Être adulte est-il souhaitable ?

par Renée Archambault

Au tout début, nos yeux voient le monde pour la première fois. Chaque nouvelle expérience nous remet au monde avec énormément d’excitation. Chaque expérience nous modèle, telle une vie qui s’imprime peu à peu. Nous sommes neufs et tout nous revient, rien n’existait avant nous, tout est facile.
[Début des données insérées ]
Lemma Pcub_sin2 (s c : R) : s ^ 2 + c ^ 2 = 1 ->
  Pcub h j2 (z3 - (z3 - z2) * s ^ 2)
  = 2 * (z3 - z1) * ((z3 - z2) * s * c) ^ 2 * (1 - (z3 - z2) / (z3 - z1) * s ^ 2).
Proof.
  intro Hsc. rewrite (Pcub_factor h j2 z1 z2 z3) by assumption.
  replace (((z3 - z2) * s * c) ^ 2) with ((z3 - z2) ^ 2 * s ^ 2 * c ^ 2) by ring.
  replace (c ^ 2) with (1 - s ^ 2) by lra.
  field. lra.
Qed.

Variable kappa : R.
Hypothesis Hk : kappa ^ 2 = (z3 - z2) / (z3 - z1).

Let Hk1 : kappa ^ 2 < 1.
Proof. rewrite Hk. exact modulus_sqr_lt_1. Qed.

Lemma sqrt_Pcub_sin2 (t : R) : 0 <= sin t -> 0 <= cos t ->
  sqrt (Pcub h j2 (z3 - (z3 - z2) * sin t ^ 2))
  = sqrt 2 * sqrt (z3 - z1) * ((z3 - z2) * sin t * cos t) * legendre_delta kappa t.
Proof.
  intros Hs Hc.
  assert (HY := one_sub_mul_sin2_pos _ t Hk1).
  assert (HX : 0 <= (z3 - z2) * sin t * cos t) by (repeat apply Rmult_le_pos; lra).
  rewrite (Pcub_sin2 (sin t) (cos t)) by (pose proof (sin2_cos2 t); unfold Rsqr in *; lra).
  unfold legendre_delta. rewrite <- Hk.
  rewrite !sqrt_mult by (repeat apply Rmult_le_pos; try apply pow2_ge_0; lra).
  rewrite sqrt_pow2 by exact HX.
  reflexivity.
Qed.
(* On the real axis q is real only at 0 and +-1, where it equals 1, 2 + c2 + 2 c4 A
   and 2 + c2 - 2 c4 A. *)
Lemma quartic_pos_real_axis : pos_where_real (fun x => q.[x%:C]).
Proof.
move=> x; rewrite quartic_real_axis /= => /eqP; rewrite oppr_eq0 -mulrA mulf_eq0.
rewrite (gt_eqF (mulr_gt0 c4_gt0 a2_gt0)) mulf_eq0 /= => /orP[/eqP->|/eqP x2].
  by rewrite !expr0n /= !(mulr0, mul0r, add0r, addr0) ltr01.
have -> : x ^+ 4 + c4 * x * (A * (x ^+ 2 + 1) + a1 * (x ^+ 2 - 1)) + c2 * x ^+ 2 + 1
    = 2 + c2 + 2 * c4 * A * x + (x ^+ 2 - 1) * (x ^+ 2 + 1 + c4 * x * (A + a1) + c2) by ring.
rewrite x2 mul0r addr0.
have /eqP : (x - 1) * (x + 1) = 0 by rewrite -x2; ring.
by rewrite mulf_eq0 subr_eq0 addr_eq0 => /orP[]/eqP->; rewrite ?mulr1 ?mulrN1.
Qed.

(* On the imaginary axis Im q vanishes only at 0, since A (1 - y^2) - a1 (1 + y^2) < 0. *)
Lemma quartic_pos_imag_axis : pos_where_real (fun y => q.[0 +i* y]).
Proof.
move=> y; rewrite quartic_imag_axis /= => /eqP.
have neg : A * (1 - y ^+ 2) - a1 * (y ^+ 2 + 1) < 0.
  by move: A_lt_a1 (mulr_ge0 A_a1_ge0 (sqr_ge0 y)); lra.
rewrite mulf_eq0 (lt_eqF neg) orbF mulf_eq0 (gt_eqF c4_gt0) /= => /eqP->.
by rewrite expr0n /=; lra.
Qed.

Theorem quartic_first_quadrant_root : exists z : C,
  [/\ 0 < complex.Re z, 0 < complex.Im z, root q z, mup z q = 1%N &
      forall w : C, 0 < complex.Re w -> 0 < complex.Im w -> root q w -> w = z].
Proof.
have [q_monic size_q] := monic_size_quartic (a1 +i* (- a2)).
have [s qE] := closed_field_poly_normal q; rewrite (monicP q_monic) scale1r in qE.
have s4 : size s = 4%N by have := size_q; rewrite qE size_prod_XsubC => -[].
have oddR : odd_Im (fun x => q.[x%:C]) by move=> x; rewrite !quartic_real_axis /=; ring.
have oddI : odd_Im (fun y => q.[0 +i* y]) by move=> y; rewrite !quartic_imag_axis /=; ring.
have := @first_quadrant_roots _ s; rewrite -qE s4.
move=> /(_ isT quartic_pos_real_axis quartic_pos_imag_axis oddR oddI).
case/count_eq1_witness => z [zs /andP[Re_z Im_z] mu_z z_unique].
exists z; split; rewrite ?qE ?root_prod_XsubC ?mu_prod_XsubC //.
move=> w Re_w Im_w; rewrite root_prod_XsubC => ws.
by apply: z_unique; rewrite // /first_quadrant Re_w.
Qed.

End Quartic.

Section Interval.
Variable R : rcfType.
Implicit Types (u v x : R) (m k : nat).

Lemma sqrtr_lt_sqr u v : 0 < v -> (Num.sqrt u < v) = (u < v ^+ 2).
Proof. by move=> v_gt0; rewrite -ltr_sqrt ?exprn_gt0 // sqrtr_sqr gtr0_norm. Qed.

Lemma Kmk_ge0 m k : 0 <= Kmk R m k.
Proof. by rewrite /Kmk mulr_ge0 ?invr_ge0 ?ler0n // addr_ge0 ?ler0n // divr_ge0 ?ler0n. Qed.

Section MLarge.
Variables m k : nat.
Hypothesis m_large : (2 * k + 1)%:R + Num.sqrt ((6 * k ^ 2 + 6 * k + 1)%:R) <= (m%:R : R).

Lemma m_large_gt0 : (0 : R) < m%:R.
Proof. by apply: lt_le_trans m_large; rewrite ltr_pwDl ?sqrtr_ge0 // ltr0n addn1. Qed.

(* K <= 1/2 means m^2 - 2(2k+1)m - 2k(k+1) >= 0, whose larger root is 2k+1 + sqrt(6k^2+6k+1). *)
Lemma Kmk_le_half : Kmk R m k <= 1 / 2.
Proof.
have m_gt0 := m_large_gt0.
have hsq : ((6 * k ^ 2 + 6 * k + 1)%:R : R) <= (m%:R - (2 * k + 1)%:R) ^+ 2.
  have d_ge0 : (0 : R) <= m%:R - (2 * k + 1)%:R.
    by rewrite subr_ge0 (le_trans _ m_large) // lerDl sqrtr_ge0.
  by rewrite -[X in X <= _]sqr_sqrtr ?ler0n // ler_pXn2r ?nnegrE ?sqrtr_ge0 // lerBrDl.
have -> : Kmk R m k = ((2 * k + 1)%:R * m%:R + (k * (k + 1))%:R) / (m%:R * m%:R).
  by rewrite /Kmk; field; rewrite gt_eqF.
rewrite ler_pdivrMr ?mulr_gt0 //; move: hsq; rewrite !natrD !natrM ?natrX.
have : (0 : R) <= k%:R by rewrite ler0n.
set K := k%:R; set M := m%:R; rewrite expr2 => *; nra.
Qed.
Pourquoi faut-il s’éloigner de cette vague qui nous donne vie, même si ce n’est plus exactement comme pour la première fois ? Pourquoi faut-il que l’on nous fasse croire que les jeunes sont ceux pour qui ça compte vraiment ? On propose trop souvent aux adultes de s’oublier, comme si la vie se terminait à 30 ans, comme s’il n’y avait pas assez d’amour sur terre pour tous ses habitants, comme si le lot des adultes était de vivre dans l’ombre de leurs enfants, de leurs obligations ou de leurs années de jeunesse. Finalement, il n’y a que les enfants et les jeunes pour qui la vie est importante.

Et si les adultes avaient besoin de garder un lien avec leur jeunesse ? Les adultes ne sont jamais tout à fait adultes. Les enfants ne sont jamais tout à fait enfants… La maturité sommeille en eux, tout près, la maturité s’éveille et se rendort. L’adulte abrite un enfant souvent mort-né, un enfant qui n’est plus admis, un enfant qui, s’il était reconnu, lui apporterait jeunesse. Pourquoi faut-il être soit enfant, soit adulte ? Y a-t-il quelque chose de tout à fait pur dans la nature ?

Qu’arrive-t-il lorsque l’on perd le contact avec sa jeunesse, avec ses rêves, avec sa vitalité, avec soi ? Qu’est-ce qui nous pousse à nous lever le matin ? Qu’est-ce qui distingue une personne d’une autre, à part ses rêves, sa personnalité et son physique ?

L’adulte se perd trop souvent dans la nuit des temps, dans un espace où plus rien n’est connu, plus aucune référence ; une descente où même la forme de son corps est indistincte, où il se perd de plus en plus, où il s’éloigne de lui et de son but. Impressions angoissantes que l’inconnu, l’errance, l’impuissance, la non-reconnaissance. Combien de temps peut-il vivre dans ce puits sans fonds, dans cette noirceur d’où il ne voit plus son image ?

Inconscient de soi ? Entend-il son cœur battre ? Voit-il l’éclat de sa peau ? Perçoit-il une inspiration à certains moments de sa vie ? Reçoit-il parfois des confirmations de son chemin ?

Aucun ne mérite de se perdre, si ce n’est pour se retrouver doublement. Aucun ne mérite de souffrir, si ce n’est pour quintupler sa force.

Plus j’avance et plus mon moi grandit et plus mes besoins se font pressants. Je ne voudrais pas ne plus avoir besoin des autres, mais en avoir le besoin d’une façon différente.

Que chacun puisse s’arrêter, se chercher, jusqu’à ce qu’il se trouve. Qu’il se trouve, qu’il se goûte et qu’il ne se perde plus jamais, sauf pour un bref instant.